Gezginci bir şemsiye tamircisi yol kenarında oturmuş işini
yapıyordu
. Tamirci, işinin gereklerini titizlikle yerine getiriyor; Tamir
edilecek kısımları dikkatlice ölçüyor, yama koyuyor; telleri teker teker
deneyerek güçlendiriyordu.
Uzaktan kendisini takip eden gencin farkında bile değildi.

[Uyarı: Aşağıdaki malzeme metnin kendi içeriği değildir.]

(* Let $A$ and $B$ be Latin squares of order $n$. Then $A$ and $B$ are weak orthogonal if and only if they are left orthogonal.
   Context: $\{\ket k\}_{k=0}^{n-1}$ is the computational basis of $\mathbb C^n$. A quantum Latin square (QLS) of order $n$ is an $n\times n$ array of vectors of $\mathbb C^n$ in which every row and every column is an orthonormal basis; the entry in column $i$, row $j$ of $\mathcal Q$ is $\ket{Q_{ij}}$. A Latin square is a QLS all of whose entries are computational basis states; identify it with the array of labels $L_{ij}\in\{0,\dots,n-1\}$ where $\ket{L_{ij}}$ is the entry. Two QLSs $\mathcal P,\mathcal Q$ are weak orthogonal if for all $i,j$ there is a unique $t$ with $\sum_{k=0}^{n-1}\ket k\langle Q_{ki}|P_{kj}\rangle=\ket t$. Two Latin squares $A,B$ are orthogonal if the pairs $(A_{ij},B_{ij})$ over all positions $(i,j)$ give all $n^2$ pairs of labels. The left conjugate of a Latin square $L$ is the Latin square $L'$ defined by $L'_{ik}=j$ if and only if $L_{ij}=k$ (left division in the quasigroup with Cayley table $L$). Two Latin squares are left orthogonal if their left conjugates are orthogonal. *)

From HB Require Import structures.
From mathcomp Require Import all_boot all_order all_algebra all_field.
Set Implicit Arguments. Unset Strict Implicit. Unset Printing Implicit Defensive.
Import GRing.Theory Num.Theory.
Local Open Scope ring_scope.

Definition ket (n : nat) (k : 'I_n) : 'cV[algC]_n := delta_mx k 0.

Definition braket (n : nat) (u v : 'cV[algC]_n) : algC :=
  \sum_(k < n) (u k 0)^* * v k 0.

(* An n x n array of vectors of C^n; Q i j is the entry in column i, row j. *)
Definition array (n : nat) := 'I_n -> 'I_n -> 'cV[algC]_n.

Definition weak_orthogonal (n : nat) (P Q : array n) : Prop :=
  forall i j : 'I_n, exists! t : 'I_n,
    \sum_(k < n) braket (Q k i) (P k j) *: ket k = ket t.

(* Latin squares as label arrays L i j (column i, row j): every row and every
   column contains each label exactly once. *)
Definition latin_square (n : nat) (L : 'I_n -> 'I_n -> 'I_n) : Prop :=
  (forall i, injective (L i)) /\ (forall j, injective (fun i => L i j)).

Definition qls_of (n : nat) (L : 'I_n -> 'I_n -> 'I_n) : array n :=
  fun i j => ket (L i j).

Definition orthogonal (n : nat) (A B : 'I_n -> 'I_n -> 'I_n) : Prop :=
  forall a b : 'I_n, exists i j : 'I_n, A i j = a /\ B i j = b.

(* Left conjugate: L' i k = j iff L i j = k (well defined for Latin squares). *)
Definition left_conj (n : nat) (L : 'I_n -> 'I_n -> 'I_n) : 'I_n -> 'I_n -> 'I_n :=
  fun i k => odflt k [pick j | L i j == k].

Definition left_orthogonal (n : nat) (A B : 'I_n -> 'I_n -> 'I_n) : Prop :=
  orthogonal (left_conj A) (left_conj B).

From mathcomp Require Import all_boot all_order all_algebra all_field.
From Corelib Require Import Setoid.
Set Implicit Arguments. Unset Strict Implicit. Unset Printing Implicit Defensive.
Import GRing.Theory Num.Theory.

(* For basis-state squares the vector in the definition of weak orthogonality
   has k-th coordinate [B k i = A k j], so it is a basis state exactly when a
   unique row t has B t i = A t j.  Unfolded, left orthogonality says that any
   two columns a of A and b of B share a label in at least one row i.
   Uniqueness comes for free: sending (i, a) to (a, b), where b is the column
   in which row i of B holds A i a, maps the n^2 pairs onto themselves, hence
   injectively.  Only row injectivity is ever used. *)

Lemma surj_injective (T : finType) (f : T -> T) :
  (forall y, exists x, f x = y) -> injective f.
Proof.
move=> f_surj x y; apply: (image_injP _ _) => //.
rewrite eqn_leq (leq_trans (card_size _)) ?size_image //.
apply: subset_leq_card; apply/subsetP => z _.
by have [w <-] := f_surj z; rewrite image_f ?in_setT.
Qed.

Lemma exists_unique_pred1P (T : eqType) (P : pred T) (Q : T -> Prop) :
  (forall t, reflect (Q t) (P t)) ->
  (exists! t, P =1 pred1 t) <-> (exists! t, Q t).
Proof.
move=> PQ; split=> [[t [Pt _]] | [t [Qt Quniq]]]; exists t.
  by split=> [|u /PQ]; [apply/PQ; rewrite Pt /= | rewrite Pt => /eqP].
split=> [u|u Pu]; last by apply/Quniq/PQ; rewrite Pu /=.
by apply/PQ/eqP=> [/Quniq/esym | ->].
Qed.

Section LeftConjugate.

Variables (n : nat) (L : 'I_n -> 'I_n -> 'I_n).
Hypothesis L_inj : forall i, injective (L i).

Lemma left_conjK i : cancel (L i) (left_conj L i).
Proof.
move=> j; rewrite /left_conj; case: pickP => [j' /eqP/L_inj //|].
by move/(_ j); rewrite eqxx.
Qed.

Lemma left_conjKV i : cancel (left_conj L i) (L i).
Proof. by have [g _ Lg] := injF_bij (@L_inj i); move=> k; rewrite -[k]Lg left_conjK. Qed.

End LeftConjugate.

Lemma left_orthogonalE (n : nat) (A B : 'I_n -> 'I_n -> 'I_n) :
  (forall i, injective (A i)) -> (forall i, injective (B i)) ->
  left_orthogonal A B <-> (forall a b, exists i, A i a = B i b).
Proof.
move=> Ainj Binj; split=> [LO a b | AB a b].
  by have [i [k [<- <-]]] := LO a b; exists i; rewrite !left_conjKV.
by have [i Ei] := AB a b; exists i, (A i a); rewrite {2}Ei !left_conjK.
Qed.

Lemma common_entry_unique (n : nat) (A B : 'I_n -> 'I_n -> 'I_n) :
  (forall i, injective (B i)) -> (forall a b, exists i, A i a = B i b) ->
  forall a b, exists! i, A i a = B i b.
Proof.
move=> Binj AB a b.
pose f (p : 'I_n * 'I_n) := (p.2, left_conj B p.1 (A p.1 p.2)).
have f_inj : injective f.
  apply: surj_injective => -[a' b']; have [i Ei] := AB a' b'.
  by exists (i, a'); rewrite /f /= Ei left_conjK.
have [i Ei] := AB a b; exists i; split=> // i' Ei'.
have : f (i, a) = f (i', a) by rewrite /f /= Ei Ei' !left_conjK.
by move/f_inj => [].
Qed.

Local Open Scope ring_scope.

Lemma braket_ket (n : nat) (a b : 'I_n) : braket (ket a) (ket b) = (a == b)%:R.
Proof.
rewrite /braket (bigD1 a) //= big1 ?addr0 => [|k /negbTE nka].
  by rewrite !mxE !eqxx eq_sym andbT; case: (b == a); rewrite ?conjC1 ?mul1r.
by rewrite !mxE nka conjC0 mul0r.
Qed.

Lemma sum_scale_ket (n : nat) (c : 'I_n -> algC) :
  \sum_(k < n) c k *: ket k = \col_k c k.
Proof.
apply/matrixP=> m z; rewrite (ord1 z) summxE (bigD1 m) //= big1 ?addr0 => [|k].
  by rewrite !mxE !eqxx mulr1.
by rewrite !mxE eq_sym => /negbTE->; rewrite mulr0.
Qed.

Lemma sum_indicator_ket (n : nat) (P : pred 'I_n) (t : 'I_n) :
  \sum_(k < n) (P k)%:R *: ket k = ket t <-> P =1 pred1 t.
Proof.
rewrite sum_scale_ket; split=> [/matrixP E k | E].
  have := E k 0; rewrite !mxE eqxx andbT /=.
  by case: (P k); case: (k == t) => // /eqP; rewrite ?oner_eq0 // eq_sym oner_eq0.
by apply/matrixP=> k z; rewrite (ord1 z) !mxE E eqxx andbT.
Qed.

Lemma weak_orthogonal_qlsE (n : nat) (A B : 'I_n -> 'I_n -> 'I_n) :
  weak_orthogonal (qls_of A) (qls_of B) <-> (forall i j, exists! t, B t i = A t j).
Proof.
have cellE i j t : \sum_(k < n) braket (qls_of B k i) (qls_of A k j) *: ket k = ket t
    <-> (fun k => B k i == A k j) =1 pred1 t.
  by rewrite -sum_indicator_ket; under eq_bigr do rewrite braket_ket.
have cellP i j t : reflect (B t i = A t j) (B t i == A t j) := eqP.
split=> WO i j.
  apply/(exists_unique_pred1P (cellP i j)).
  by have [t [/cellE Et Euniq]] := WO i j; exists t; split=> // u /cellE/Euniq.
have [t [Et Euniq]] := (exists_unique_pred1P (cellP i j)).2 (WO i j).
by exists t; split=> [|u /cellE/Euniq //]; apply/cellE.
Qed.

Theorem lemma21 (n : nat) (A B : 'I_n -> 'I_n -> 'I_n) :
  latin_square A -> latin_square B ->
  (weak_orthogonal (qls_of A) (qls_of B) <-> left_orthogonal A B).
Proof.
move=> [Ainj _] [Binj _].
rewrite weak_orthogonal_qlsE left_orthogonalE //.
split=> [WO a b | AB i j].
  by have [t [Et _]] := WO b a; exists t.
have [t [Et Euniq]] := common_entry_unique Binj AB j i.
by exists t; split=> // u /esym/Euniq.
Qed.
(* Let $\Sigma$ be a set of constant symbols with $\star\notin\Sigma$, let $W=c_1\cdots c_n$ be a word over $\Sigma$, and let $p=(p_0,\dots,p_n)$ and $q=(q_0,\dots,q_n)$ be two tuples of pairwise distinct constants of $\mathbf P$. For every observation $O\in\mathrm{Matr}_\Sigma(\mathcal O)$, the wiring $O\bar W_p$ is nilpotent if and only if $O\bar W_q$ is nilpotent.
   Context: Terms: first-order terms built from an infinite set of variables, a binary function symbol $\bullet$ written infix (not associative; by convention right-associating, $t\bullet u\bullet v:=t\bullet(u\bullet v)$), infinitely many constant symbols including a distinguished constant $\star$, and for each $n\ge1$ at least one $n$-ary function symbol. $\mathrm{var}(t)$ is the set of variables of $t$. The height of an occurrence of a variable in $t$ is its distance from the root of the tree of $t$. A renaming is a bijective substitution mapping variables to variables. A flow is a pair of terms written $t\leftarrow u$ with $\mathrm{var}(t)\subseteq\mathrm{var}(u)$, considered up to renaming. The product of flows $u\leftarrow v$ and $t\leftarrow w$ (representatives chosen with disjoint variable sets) is defined iff $v$ and $t$ are unifiable, and then equals $u\theta\leftarrow w\theta$ with $\theta$ a most general unifier of $v,t$. A wiring is a finite set of flows, written as a formal sum, with $0$ the empty wiring; product $FG=\{fg: f\in F,g\in G, fg\text{ defined}\}$, $F^n$ the $n$-fold product. $F$ is nilpotent if $F^n=0$ for some $n\in\mathbb N$. A flow $t\leftarrow u$ is balanced if for every variable $x$, all occurrences of $x$ in $t$ and in $u$ have the same height; $\mathcal B$ is the set of wirings all of whose flows are balanced. A semiring is a set of wirings containing $0$ and closed under finite sums (unions) and products. Tensor product of flows (variables renamed apart): $(u\leftarrow v)\otimes(t\leftarrow w):=u\bullet t\leftarrow v\bullet w$; extended to wirings by $(\sum_i f_i)\otimes(\sum_j g_j)=\sum_{i,j}f_i\otimes g_j$, and to semirings by $\mathcal A\otimes\mathcal B=\{\sum_i F_i\otimes G_i: F_i\in\mathcal A,G_i\in\mathcal B\}$, right-associating. For a set $E$ of closed terms, $\mathcal C(E)=\{\sum_i t_i\leftarrow u_i: t_i,u_i\in E\}$. For a set of symbols $\mathbf S$ and semiring $\mathcal A$, $\mathcal R_{\mathbf S}(\mathcal A)$ is the set of wirings of $\mathcal A$ not using symbols of $\mathbf S$. Fix disjoint infinite sets of constants $\mathbf P$ (position constants) and $\mathbf S$ (states), a unary function symbol $\mathrm M$, and constants $\mathrm L,\mathrm R$. The observation semiring is $\mathcal O:=\mathcal C(\mathbf S)\otimes\mathcal R_{\mathbf P}(\mathcal B)$. For a set of constants $\Sigma$ and semiring $\mathcal A$, $\mathrm{Matr}_\Sigma(\mathcal A):=\mathcal C(\Sigma\cup\{\star\})\otimes\mathcal C(\{\mathrm L,\mathrm R\})\otimes\mathcal A$. An observation over $\Sigma$ is any element of $\mathrm{Matr}_\Sigma(\mathcal O)$. Word representation: write $t\rightleftarrows u$ for $t\leftarrow u+u\leftarrow t$. For $W=c_1\cdots c_n$ over $\Sigma$ and pairwise distinct $p=(p_0,\dots,p_n)\in\mathbf P^{n+1}$, set $p_{n+1}=p_0$, $c_0=c_{n+1}=\star$, and, with $x,y$ variables, $\bar W_p=\sum_{i=0}^n\big(c_i\bullet\mathrm L\bullet x\bullet y\bullet\mathrm M(p_i)\ \rightleftarrows\ c_{i+1}\bullet\mathrm R\bullet x\bullet y\bullet\mathrm M(p_{i+1})\big)$. *)

From Stdlib Require Import List.
Import ListNotations.
(* If $A\subseteq\mathbb N_0\times\mathbb S$ is a Schnorr test for a computable forecasting system $\varphi$, then $n\mapsto\overline P_\varphi([A_n])$ is a computable sequence of real numbers.
   Context: $\mathbb N_0=\{0,1,\dots\}$; $\Omega=\{0,1\}^{\mathbb N}$; $\mathbb S$ finite binary strings, $|s|$ length, $\omega^n$ first $n$ entries of $\omega$; $[s]=\{\omega:\omega^{|s|}=s\}$, $[A]=\bigcup_{s\in A}[s]$. For $A\subseteq\mathbb N_0\times\mathbb S$: $A_n=\{s:(n,s)\in A\}$, $A_n^{<\ell}=\{s\in A_n:|s|<\ell\}$. $\mathcal I$: nonempty closed subintervals of $[0,1]$; $\overline E_I(f)=\max_{p\in I}[pf(1)+(1-p)f(0)]$. Forecasting system $\varphi:\mathbb S\to\mathcal I$, $\underline\varphi=\min\varphi$, $\overline\varphi=\max\varphi$. Supermartingale: $M:\mathbb S\to\mathbb R$ with $\overline E_{\varphi(s)}(M(s\,\cdot))\le M(s)$ for all $s$. $\overline P_\varphi(G)=\inf\{M(\square):M\text{ supermartingale for }\varphi,\ \liminf_nM(\omega^n)\ge\mathbb 1_G(\omega)\ \forall\omega\}$. A real map $r$ on an encoded countable set is computable if there is a recursive rational $q$ with $|r(d)-q(d,N)|\le2^{-N}$; $\varphi$ is computable if $\underline\varphi,\overline\varphi$ are computable. A Schnorr test for $\varphi$ is a recursive $A\subseteq\mathbb N_0\times\mathbb S$ with $\overline P_\varphi([A_n])\le2^{-n}$ for all $n$, and a recursive $e:\mathbb N_0^2\to\mathbb N_0$ with $\overline P_\varphi([A_n]\setminus[A_n^{<\ell}])\le2^{-N}$ for all $(N,n)$ and $\ell\ge e(N,n)$. *)

From Stdlib Require Import Reals List ClassicalEpsilon.
From Coquelicot Require Import Coquelicot.
Import ListNotations.
Open Scope R_scope.

Inductive mu : Type :=
| muZero : mu
| muSucc : mu
| muProj : nat -> mu
| muComp : mu -> list mu -> mu
| muPrim : mu -> mu -> mu
| muMin  : mu -> mu.

Inductive mu_eval : mu -> list nat -> nat -> Prop :=
| ev_zero xs : mu_eval muZero xs 0
| ev_succ x xs : mu_eval muSucc (x :: xs) (S x)
| ev_proj i xs : mu_eval (muProj i) xs (nth i xs 0%nat)
| ev_comp f gs xs ys z :
    Forall2 (fun g y => mu_eval g xs y) gs ys ->
    mu_eval f ys z -> mu_eval (muComp f gs) xs z
| ev_prim0 f g xs z : mu_eval f xs z -> mu_eval (muPrim f g) (0%nat :: xs) z
| ev_primS f g n xs r z :
    mu_eval (muPrim f g) (n :: xs) r ->
    mu_eval g (n :: r :: xs) z -> mu_eval (muPrim f g) (S n :: xs) z
| ev_min f xs n :
    mu_eval f (n :: xs) 0%nat ->
    (forall m, (m < n)%nat -> exists k, k <> 0%nat /\ mu_eval f (m :: xs) k) ->
    mu_eval (muMin f) xs n.

Definition recursive1 (f : nat -> nat) : Prop :=
  exists p : mu, forall x, mu_eval p [x] (f x).
Definition recursive2 (f : nat -> nat -> nat) : Prop :=
  exists p : mu, forall x y, mu_eval p [x; y] (f x y).

Definition bstr := list bool.
Definition path := nat -> bool.          (* Omega = {0,1}^N, indexed from 0 *)

Fixpoint bcode (s : bstr) : nat :=
  match s with
  | [] => 0%nat
  | b :: s' => (2 * bcode s' + 1 + (if b then 1 else 0))%nat
  end.

Definition prefix (w : path) (n : nat) : bstr := map w (seq 0 n).

Definition cyl (s : bstr) : path -> Prop := fun w => prefix w (length s) = s.

Definition cylset (B : bstr -> Prop) : path -> Prop :=
  fun w => exists s, B s /\ cyl s w.

Definition indic (G : path -> Prop) (w : path) : R :=
  match excluded_middle_informative (G w) with left _ => 1 | right _ => 0 end.

(* phi : S -> I, I the nonempty closed subintervals of [0,1];
   phi(s) = [flo s, fhi s]. *)
Record forecast : Type := {
  flo : bstr -> R;
  fhi : bstr -> R;
  f_ok : forall s, 0 <= flo s /\ flo s <= fhi s /\ fhi s <= 1 }.

(* Upper expectation of f : {0,1} -> R for the interval [lo, hi]:
   max_{p in [lo,hi]} p f(1) + (1-p) f(0). We only use it through the
   inequality  upper_exp <= c, written out as: every p in [lo,hi] gives
   p f(1) + (1-p) f(0) <= c (the max is attained on the compact interval). *)
Definition upper_exp_le (lo hi : R) (f : bool -> R) (c : R) : Prop :=
  forall p, lo <= p <= hi -> p * f true + (1 - p) * f false <= c.

Definition supermartingale (phi : forecast) (M : bstr -> R) : Prop :=
  forall s, upper_exp_le (flo phi s) (fhi phi s) (fun x => M (s ++ [x])) (M s).

Definition upper_prob (phi : forecast) (G : path -> Prop) : Rbar :=
  Glb_Rbar (fun v => exists M : bstr -> R,
    supermartingale phi M /\
    (forall w, Rbar_le (Finite (indic G w)) (LimInf_seq (fun n => M (prefix w n)))) /\
    v = M []).

(* The rational coded by (a,b,c) : (a - b)/(c + 1). A recursive rational
   map q(d, N) is given by three recursive functions a, b, c. *)
Definition ratc (a b c : nat) : R := (INR a - INR b) / INR (S c).

Definition computable_rmap {X : Type} (enc : X -> nat) (r : X -> R) : Prop :=
  exists a b c : nat -> nat -> nat,
    recursive2 a /\ recursive2 b /\ recursive2 c /\
    forall d N, Rabs (r d - ratc (a (enc d) N) (b (enc d) N) (c (enc d) N)) <= (/2) ^ N.

(* computable sequence of real numbers (given as extended-real values;
   in particular every value is required to be a real number) *)
Definition computable_rbar_seq (r : nat -> Rbar) : Prop :=
  exists a b c : nat -> nat -> nat,
    recursive2 a /\ recursive2 b /\ recursive2 c /\
    forall n N, exists x : R, r n = Finite x /\
      Rabs (x - ratc (a n N) (b n N) (c n N)) <= (/2) ^ N.

Definition computable_forecast (phi : forecast) : Prop :=
  computable_rmap bcode (flo phi) /\ computable_rmap bcode (fhi phi).

Definition recursive_set (A : nat -> bstr -> bool) : Prop :=
  exists chi : nat -> nat -> nat, recursive2 chi /\
    forall n s, chi n (bcode s) = (if A n s then 1%nat else 0%nat).

Definition An (A : nat -> bstr -> bool) (n : nat) : bstr -> Prop :=
  fun s => A n s = true.
Definition An_lt (A : nat -> bstr -> bool) (n l : nat) : bstr -> Prop :=
  fun s => A n s = true /\ (length s < l)%nat.

Definition schnorr_test (phi : forecast) (A : nat -> bstr -> bool) : Prop :=
  recursive_set A /\
  (forall n, Rbar_le (upper_prob phi (cylset (An A n))) (Finite ((/2) ^ n))) /\
  exists e : nat -> nat -> nat, recursive2 e /\
    forall N n l, (e N n <= l)%nat ->
      Rbar_le (upper_prob phi (fun w => cylset (An A n) w /\ ~ cylset (An_lt A n l) w))
              (Finite ((/2) ^ N)).

From Stdlib Require Import Reals List.
From Coquelicot Require Import Coquelicot.
From Stdlib Require Import Arith Lia Lra Classical ClassicalEpsilon.
Import ListNotations.

(* Fix [n] and an accuracy [N]; the test provides a horizon [l = e (N + 1) n] beyond
   which [[A_n]] has upper probability at most [2^-(N+1)].  The finite-horizon event
   [[A_n^{<l}]] has upper probability equal to the value of an [l]-step game computed
   by backward induction on binary strings (its optimal supermartingale is explicit),
   so by monotonicity and subadditivity [upper_prob phi [A_n]] lies within
   [2^-(N+1)] above that game value.  Running the same backward induction in integer
   arithmetic at precision [2^(N + 3 + l)] costs at most [3] units per level, hence
   [2^-(N+1)] in total. *)

Open Scope nat_scope.

Definition mrec (f : list nat -> nat) : Prop :=
  exists p : mu, forall xs, mu_eval p xs (f xs).

Lemma rec_ext f g : mrec f -> (forall xs, f xs = g xs) -> mrec g.
Proof. intros [p Hp] E; exists p; intros xs; rewrite <- E; auto. Qed.

Lemma rec_proj i : mrec (fun xs => nth i xs 0).
Proof. exists (muProj i); intros; constructor. Qed.

Lemma rec_succ g : mrec g -> mrec (fun xs => S (g xs)).
Proof.
  intros [p Hp]; exists (muComp muSucc [p]); intros xs.
  econstructor; repeat constructor; apply Hp.
Qed.

Lemma rec_const k : mrec (fun _ => k).
Proof.
  induction k as [|k IH]; [exists muZero; intros; constructor|].
  exact (rec_succ _ IH).
Qed.

Lemma rec_programs (gs : list (list nat -> nat)) : List.Forall mrec gs ->
  exists ps, forall xs, Forall2 (fun p y => mu_eval p xs y) ps (map (fun g => g xs) gs).
Proof.
  induction 1 as [|g gs [p Hp] _ [ps IH]].
  - exists []; constructor.
  - exists (p :: ps); constructor; auto.
Qed.

Lemma rec_comp f (gs : list (list nat -> nat)) :
  mrec f -> List.Forall mrec gs -> mrec (fun xs => f (map (fun g => g xs) gs)).
Proof.
  intros [pf Hf] [ps Hps]%rec_programs.
  exists (muComp pf ps); intros xs; econstructor; eauto.
Qed.

Ltac rec_list := repeat (apply Forall_cons || apply Forall_nil).

Lemma rec_lift1 (op : nat -> nat) g :
  mrec (fun xs => op (nth 0 xs 0)) -> mrec g -> mrec (fun xs => op (g xs)).
Proof. intros Ho Hg. exact (rec_comp _ [g] Ho ltac:(rec_list; auto)). Qed.

Lemma rec_lift2 (op : nat -> nat -> nat) g1 g2 :
  mrec (fun xs => op (nth 0 xs 0) (nth 1 xs 0)) -> mrec g1 -> mrec g2 ->
  mrec (fun xs => op (g1 xs) (g2 xs)).
Proof. intros Ho H1 H2. exact (rec_comp _ [g1; g2] Ho ltac:(rec_list; auto)). Qed.

Lemma rec_lift4 (op : nat -> nat -> nat -> nat -> nat) g1 g2 g3 g4 :
  mrec (fun xs => op (nth 0 xs 0) (nth 1 xs 0) (nth 2 xs 0) (nth 3 xs 0)) ->
  mrec g1 -> mrec g2 -> mrec g3 -> mrec g4 ->
  mrec (fun xs => op (g1 xs) (g2 xs) (g3 xs) (g4 xs)).
Proof.
  intros Ho H1 H2 H3 H4.
  exact (rec_comp _ [g1; g2; g3; g4] Ho ltac:(rec_list; auto)).
Qed.

Fixpoint primrec (z s : list nat -> nat) (k : nat) (ps : list nat) : nat :=
  match k with 0 => z ps | S k => s (k :: primrec z s k ps :: ps) end.

Lemma rec_primrec z s cnt (gs : list (list nat -> nat)) :
  mrec z -> mrec s -> mrec cnt -> List.Forall mrec gs ->
  mrec (fun xs => primrec z s (cnt xs) (map (fun g => g xs) gs)).
Proof.
  intros [pz Hz] [ps Hs] [pc Hc] [pgs Hgs]%rec_programs.
  assert (Hprim : forall k l, mu_eval (muPrim pz ps) (k :: l) (primrec z s k l)).
  { induction k; intros l; simpl; econstructor; eauto. }
  exists (muComp (muPrim pz ps) (pc :: pgs)). intros xs.
  econstructor; [constructor; auto | apply Hprim].
Qed.

Lemma rec_add g1 g2 : mrec g1 -> mrec g2 -> mrec (fun xs => g1 xs + g2 xs).
Proof.
  apply rec_lift2. eapply rec_ext.
  - apply (rec_primrec (fun ps => nth 0 ps 0) (fun ys => S (nth 1 ys 0))
             (fun xs => nth 0 xs 0) [fun xs => nth 1 xs 0]);
      rec_list; auto using rec_proj, rec_succ.
  - intros xs; simpl. induction (nth 0 xs 0); simpl; auto.
Qed.

Lemma rec_mul g1 g2 : mrec g1 -> mrec g2 -> mrec (fun xs => g1 xs * g2 xs).
Proof.
  apply rec_lift2. eapply rec_ext.
  - apply (rec_primrec (fun _ => 0) (fun ys => nth 2 ys 0 + nth 1 ys 0)
             (fun xs => nth 0 xs 0) [fun xs => nth 1 xs 0]);
      rec_list; auto using rec_proj, rec_const, rec_add.
  - intros xs; simpl. induction (nth 0 xs 0); simpl; auto.
Qed.

Lemma rec_pred g : mrec g -> mrec (fun xs => pred (g xs)).
Proof.
  apply rec_lift1. eapply rec_ext.
  - apply (rec_primrec (fun _ => 0) (fun ys => nth 0 ys 0) (fun xs => nth 0 xs 0) []);
      rec_list; auto using rec_proj, rec_const.
  - intros xs; simpl. destruct (nth 0 xs 0); reflexivity.
Qed.

Lemma rec_sub g1 g2 : mrec g1 -> mrec g2 -> mrec (fun xs => g1 xs - g2 xs).
Proof.
  apply rec_lift2. eapply rec_ext.
  - apply (rec_primrec (fun ps => nth 0 ps 0) (fun ys => pred (nth 1 ys 0))
             (fun xs => nth 1 xs 0) [fun xs => nth 0 xs 0]);
      rec_list; auto using rec_proj, rec_pred.
  - intros xs; simpl. induction (nth 1 xs 0) as [|k IH]; simpl; [lia|]. rewrite IH; lia.
Qed.

Lemma rec_pow g1 g2 : mrec g1 -> mrec g2 -> mrec (fun xs => g1 xs ^ g2 xs).
Proof.
  apply rec_lift2. eapply rec_ext.
  - apply (rec_primrec (fun _ => 1) (fun ys => nth 2 ys 0 * nth 1 ys 0)
             (fun xs => nth 1 xs 0) [fun xs => nth 0 xs 0]);
      rec_list; auto using rec_proj, rec_const, rec_mul.
  - intros xs; simpl. induction (nth 1 xs 0); simpl; auto.
Qed.

Definition lebn (a b : nat) : nat := if a <=? b then 1 else 0.
Definition cond (c u v : nat) : nat := if c =? 0 then v else u.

Bir süre sonra genç yanına yaklaştı ve hayranlık dolu bir ifadeyle, ‘’İşinizi
çok iyi yapıyorsunuz.’’ Dedi.
Şemsiye tamircisi elindeki işi bırakmadan cevapladı.
‘’ Evet, ben her
zaman işimi iyi yapmak için uğraşırım.’’
‘’Müşterilerin,
yaptığın işin iyi ya da kötü olduğunu ancak sen gittikten sonra
anlayabilecekler.’’ Diye devam etti delikanlı.
‘’Evet, haklısın.’’
‘’Bu tarafa tekrar
gelecek misiniz?’’
‘’Hayır.’’
‘’O halde bir şemsiye
için neden bu kadar çok uğraşıyorsunuz? Hâlbuki işini, çabucak halledip ileride
yeni müşteriler bulabilirsiniz.’’
Çok fazla konuşmayı sevmeyen şemsiye tamircisi, gence ders
niteliğinde şu cevabı verdi: Eğer ben işimi ii yaparsam benden sonra buradan
geçecek öteki tamircinin işi kolaylaşacak. Fakat kötü malzeme kullanır ve
baştan savma iş çıkarırsam, halk bunu er ya da geç anlayacak ve daha sonra
buradan geçecek olan tamirciye iş vermeyecektir.’’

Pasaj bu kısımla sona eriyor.